EXERCISE INSTRUCTIONS
With both ends included, repeat exactly the lines of the entries below from the one containing "Lemma is_RInt_0_oo_of_le (f" down to the one containing "assert (Hlam : 0", and no others.

SUPPLIED INFORMATION
(* Let $p\in\{3,4,\dots\}$, $a\ge0$, $b>0$ satisfy either ($a>0$ and $b\in[p/2-1,p/2]$) or ($a=0$ and $b\in[p/2-1,p/2)$). Let $l\in\{1,2\}$ and let $h:\mathbb{Z}^+\to\mathbb{R}$ satisfy $h(n)=O(n^{-l})$ as $n\to\infty$. For $y>0$ let $N\sim\mathrm{Poisson}(y/2)$. Then there exists $d\in(0,\infty)$ such that for every $k\in\{1,2,3\}$ and every $y>0$, $$\left|\frac{E[h(N)w_{k-1}(N)\mid y]}{E[w_{k-1}(N)\mid y]}\right|\le\frac{d}{y^l}.$$
   Context: $\mathbb{Z}^+=\{0,1,2,\dots\}$; $g_0(z)=(a+z)^{-b}$; for $n\in\mathbb{Z}^+$ and $k\in\{0,1,2,3\}$, $w_k(n)=\int_0^\infty\frac{g_0(z)(z/2)^{n+p/2+k-1}e^{-z/2}}{2\Gamma(n+p/2)}dz$. $E[\cdot\mid y]$ denotes expectation with $N\sim\mathrm{Poisson}(y/2)$. *)

From Stdlib Require Import Reals.
From Coquelicot Require Import Coquelicot.
Open Scope R_scope.

Definition Gamma (s : R) : R :=
  RInt_gen (fun t => Rpower t (s - 1) * exp (- t)) (at_right 0) (Rbar_locally p_infty).

Definition g0 (a b : R) (z : R) : R := Rpower (a + z) (- b).

Definition w (p : nat) (a b : R) (k : nat) (n : nat) : R :=
  RInt_gen (fun z => g0 a b z * Rpower (z / 2) (INR n + INR p / 2 + INR k - 1)
                     * exp (- z / 2) / (2 * Gamma (INR n + INR p / 2)))
           (at_right 0) (Rbar_locally p_infty).

Definition PoisE (y : R) (f : nat -> R) : R :=
  Series (fun n => exp (- (y / 2)) * (y / 2) ^ n / INR (Factorial.fact n) * f n).

(* The weight w_k(n) is J(n + p/2 + k) / (2 Gamma(n + p/2)), where
   J(s) = int_0^oo g0(z) (z/2)^(s-1) e^(-z/2) dz.  The derivative of g0(z) (z/2)^s e^(-z/2)
   integrates to 0 over (0, oo), which gives J(s+1) = s J(s) - 2 b M(s) with
   M(s) = int_0^oo g0(z) (z/2)^s e^(-z/2) / (a+z) dz between 0 and J(s)/2; hence
   (s - b) J(s) <= J(s+1) <= s J(s), and Gamma(s+1) = s Gamma(s) is the case b = 0.
   This bounds w_k(n+1)/w_k(n) above, and (as b <= p/2) below by some 1/K.
   For N ~ Poisson(x), P(N = n)/(n+1) = P(N = n+1)/x: every factor 1/(N+1) in E[h(N) w(N)]
   shifts the index by one at the price K/x, so |E[h w]| <= H l! K^l x^(-l) E[w] when
   |h(n)| <= H/(n+1)^l; here x = y/2. *)

From Stdlib Require Import Reals Factorial Lra Lia Classical FunctionalExtensionality.
From Coquelicot Require Import Coquelicot.
Open Scope R_scope.

Local Notation is_RInt_0_oo f L := (is_RInt_gen f (at_right 0) (Rbar_locally p_infty) L).
Local Notation RInt_0_oo f := (RInt_gen f (at_right 0) (Rbar_locally p_infty)).

Lemma filter_prod_window u v : 0 < u ->
  filter_prod (at_right 0) (Rbar_locally p_infty) (fun ab => 0 < fst ab < u /\ v < snd ab).
Proof.
  intros Hu. apply Filter_prod with (fun x => 0 < x < u) (fun y => v < y).
  - exists (mkposreal u Hu). intros x Hx Hx0.
    apply Rabs_lt_between in Hx. simpl in *. unfold minus, plus, opp in Hx; simpl in Hx. lra.
  - exists v. auto.
  - intros x y Hx Hy. simpl. auto.
Qed.

Lemma filter_prod_pos (P : R -> Prop) : (forall x, 0 < x -> P x) ->
  filter_prod (at_right 0) (Rbar_locally p_infty)
    (fun ab => forall x, Rmin (fst ab) (snd ab) <= x <= Rmax (fst ab) (snd ab) -> P x).
Proof.
  intros HP. apply Filter_prod with (fun u => 0 < u) (fun v => 0 < v).
  - exists (mkposreal 1 Rlt_0_1). intros; assumption.
  - exists 0. auto.
  - intros u v Hu Hv x [Hx _]. apply HP.
    eapply Rlt_le_trans; [| exact Hx]. now apply Rmin_case.
Qed.

Section NonnegIntegrals.

Variable f : R -> R.
Hypothesis f_ge0 : forall x, 0 < x -> 0 <= f x.
Hypothesis f_cont : forall x, 0 < x -> continuous f x.

Lemma ex_RInt_pos u v : 0 < u -> 0 < v -> ex_RInt f u v.
Proof.
  intros Hu Hv. apply (@ex_RInt_continuous R_CompleteNormedModule).
  intros z [Hz _]. apply f_cont.
  eapply Rlt_le_trans; [|exact Hz]. now apply Rmin_case.
Qed.

Lemma RInt_le_widen u v u' v' :
  0 < u' -> u' <= u -> u <= v -> v <= v' -> RInt f u v <= RInt f u' v'.
Proof.
  intros Hu' Hu Huv Hv.
  rewrite <- (RInt_Chasles f u' u v') by (apply ex_RInt_pos; lra).
  rewrite <- (RInt_Chasles f u v v') by (apply ex_RInt_pos; lra).
  assert (0 <= RInt f u' u) by (apply RInt_ge_0; [lra | apply ex_RInt_pos; lra | intros; apply f_ge0; lra]).
  assert (0 <= RInt f v v') by (apply RInt_ge_0; [lra | apply ex_RInt_pos; lra | intros; apply f_ge0; lra]).
  unfold plus; simpl. lra.
Qed.

Lemma RInt_le_of_is_RInt_0_oo L u v :
  is_RInt_0_oo f L -> 0 < u -> u <= v -> RInt f u v <= L.
Proof.
  intros HL Hu Huv. apply Rnot_lt_le. intros Hlt.
  assert (Heps : 0 < RInt f u v - L) by lra.
  apply (@filter_not_empty (R * R) (filter_prod (at_right 0) (Rbar_locally p_infty)) _).
  assert (Hev := HL _ (locally_ball L (mkposreal _ Heps))). unfold filtermapi in Hev.
  generalize (filter_and _ _ Hev (filter_prod_window u v Hu)).
  apply filter_imp. intros [x y] [(I & HI & HIL) [Hx Hy]]. simpl in *.
  rewrite <- (is_RInt_unique _ _ _ _ HI) in HIL.
  assert (RInt f u v <= RInt f x y) by (apply RInt_le_widen; lra).
  apply Rabs_lt_between in HIL. unfold minus, plus, opp in HIL; simpl in HIL. lra.
Qed.

Lemma is_RInt_0_oo_of_bounded B :
  (forall u v, 0 < u -> u <= v -> RInt f u v <= B) ->
  exists L, is_RInt_0_oo f L /\ L <= B.
Proof.
  intros HB.
  set (E := fun r => exists u v, 0 < u /\ u <= v /\ r = RInt f u v).
  destruct (completeness E) as [m [Hub Hlub]].
  { exists B. intros r (u & v & Hu & Huv & ->). auto. }
  { exists (RInt f 1 1), 1, 1. repeat split; lra. }
  exists m. split.
  2: { apply Hlub. intros r (u & v & Hu & Huv & ->). auto. }
  intros P [eps HP].
  (* some partial integral exceeds [m - eps], and so do all those over larger intervals *)
  destruct (not_all_not_ex _ (fun r => E r /\ m - eps < r)) as (r & (u0 & v0 & Hu0 & Huv0 & ->) & Hr).
  { intros Hn. assert (m <= m - eps); [|destruct eps; simpl in *; lra].
    apply Hlub. intros r Er. apply Rnot_lt_le. intros Hlt. apply (Hn r). auto. }
  unfold filtermapi. eapply filter_imp; [| apply (filter_prod_window u0 v0 Hu0)].
  intros [x y] [Hx Hy]; simpl in *. exists (RInt f x y). split.
  { apply (@RInt_correct R_CompleteNormedModule), ex_RInt_pos; lra. }
  apply HP.
  assert (RInt f x y <= m) by (apply Hub; exists x, y; repeat split; lra).
  assert (RInt f u0 v0 <= RInt f x y) by (apply RInt_le_widen; lra).
  apply Rabs_lt_between. unfold minus, plus, opp; simpl. lra.
Qed.

End NonnegIntegrals.

Lemma is_RInt_0_oo_of_le (f g : R -> R) Lg :
  (forall x, 0 < x -> 0 <= f x <= g x) ->
  (forall x, 0 < x -> continuous f x) -> (forall x, 0 < x -> continuous g x) ->
  is_RInt_0_oo g Lg -> exists Lf, is_RInt_0_oo f Lf /\ 0 <= Lf <= Lg.
Proof.
  intros Hfg Hf Hg HLg.
  assert (Hf0 : forall x, 0 < x -> 0 <= f x) by (intros x Hx; apply Hfg, Hx).
  assert (Hg0 : forall x, 0 < x -> 0 <= g x) by (intros x Hx; specialize (Hfg x Hx); lra).
  destruct (is_RInt_0_oo_of_bounded f Hf0 Hf Lg) as (Lf & HLf & HLfg).
  { intros u v Hu Huv. eapply Rle_trans; [| apply (RInt_le_of_is_RInt_0_oo g Hg0 Hg Lg u v); auto].
    apply RInt_le; auto; try (apply ex_RInt_pos; auto; lra).
    intros x Hx. apply Hfg. lra. }
  exists Lf. split; [|split]; auto.
  replace 0 with (RInt f 1 1) by (rewrite RInt_point; reflexivity).
  apply (RInt_le_of_is_RInt_0_oo f); auto; lra.
Qed.

Lemma exp_le_exp x y : x <= y -> exp x <= exp y.
Proof. intros [H | ->]; [left; apply exp_increasing, H | apply Rle_refl]. Qed.

Lemma exp_le_1 x : x <= 0 -> exp x <= 1.
Proof. intros Hx. rewrite <- exp_0. now apply exp_le_exp. Qed.

Lemma Rpower_pos x y : 0 < Rpower x y.
Proof. apply exp_pos. Qed.

Lemma Rpower_mul_exp_le r : 0 <= r ->
  exists C, 0 < C /\ forall t, 0 < t -> Rpower t r * exp (- t) <= C * exp (- t / 2).
Proof.
  intros Hr.
  (* [ln u <= u - 1] at [u = lam t], where [r lam <= 1/2] *)
  set (lam := / (2 * (r + 1))).
  assert (Hlam : 0 < lam) by (apply Rinv_0_lt_compat; lra).
  assert (Hrlam : r * lam <= / 2).
  { unfold lam. rewrite Rinv_mult.
    apply Rmult_le_reg_r with (r + 1); [lra |].
    replace (r * (/ 2 * / (r + 1)) * (r + 1)) with (r / 2) by (field; lra). lra. }
  exists (exp (r * (-1 - ln lam))). split; [apply exp_pos |].
  intros t Ht. unfold Rpower. rewrite <- !exp_plus. apply exp_le_exp.
  assert (Hln := exp_ineq1_le (ln (lam * t))).
  rewrite exp_ln, ln_mult in Hln by nra.
  assert (r * ln t <= r * (lam * t - 1 - ln lam)) by (apply Rmult_le_compat_l; lra).
  nra.
Qed.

RESULT
Lemma is_RInt_0_oo_of_le (f g : R -> R) Lg :
  (forall x, 0 < x -> 0 <= f x <= g x) ->
  (forall x, 0 < x -> continuous f x) -> (forall x, 0 < x -> continuous g x) ->
  is_RInt_0_oo g Lg -> exists Lf, is_RInt_0_oo f Lf /\ 0 <= Lf <= Lg.
Proof.
  intros Hfg Hf Hg HLg.
  assert (Hf0 : forall x, 0 < x -> 0 <= f x) by (intros x Hx; apply Hfg, Hx).
  assert (Hg0 : forall x, 0 < x -> 0 <= g x) by (intros x Hx; specialize (Hfg x Hx); lra).
  destruct (is_RInt_0_oo_of_bounded f Hf0 Hf Lg) as (Lf & HLf & HLfg).
  { intros u v Hu Huv. eapply Rle_trans; [| apply (RInt_le_of_is_RInt_0_oo g Hg0 Hg Lg u v); auto].
    apply RInt_le; auto; try (apply ex_RInt_pos; auto; lra).
    intros x Hx. apply Hfg. lra. }
  exists Lf. split; [|split]; auto.
  replace 0 with (RInt f 1 1) by (rewrite RInt_point; reflexivity).
  apply (RInt_le_of_is_RInt_0_oo f); auto; lra.
Qed.

Lemma exp_le_exp x y : x <= y -> exp x <= exp y.
Proof. intros [H | ->]; [left; apply exp_increasing, H | apply Rle_refl]. Qed.

Lemma exp_le_1 x : x <= 0 -> exp x <= 1.
Proof. intros Hx. rewrite <- exp_0. now apply exp_le_exp. Qed.

Lemma Rpower_pos x y : 0 < Rpower x y.
Proof. apply exp_pos. Qed.

Lemma Rpower_mul_exp_le r : 0 <= r ->
  exists C, 0 < C /\ forall t, 0 < t -> Rpower t r * exp (- t) <= C * exp (- t / 2).
Proof.
  intros Hr.
  (* [ln u <= u - 1] at [u = lam t], where [r lam <= 1/2] *)
  set (lam := / (2 * (r + 1))).
  assert (Hlam : 0 < lam) by (apply Rinv_0_lt_compat; lra).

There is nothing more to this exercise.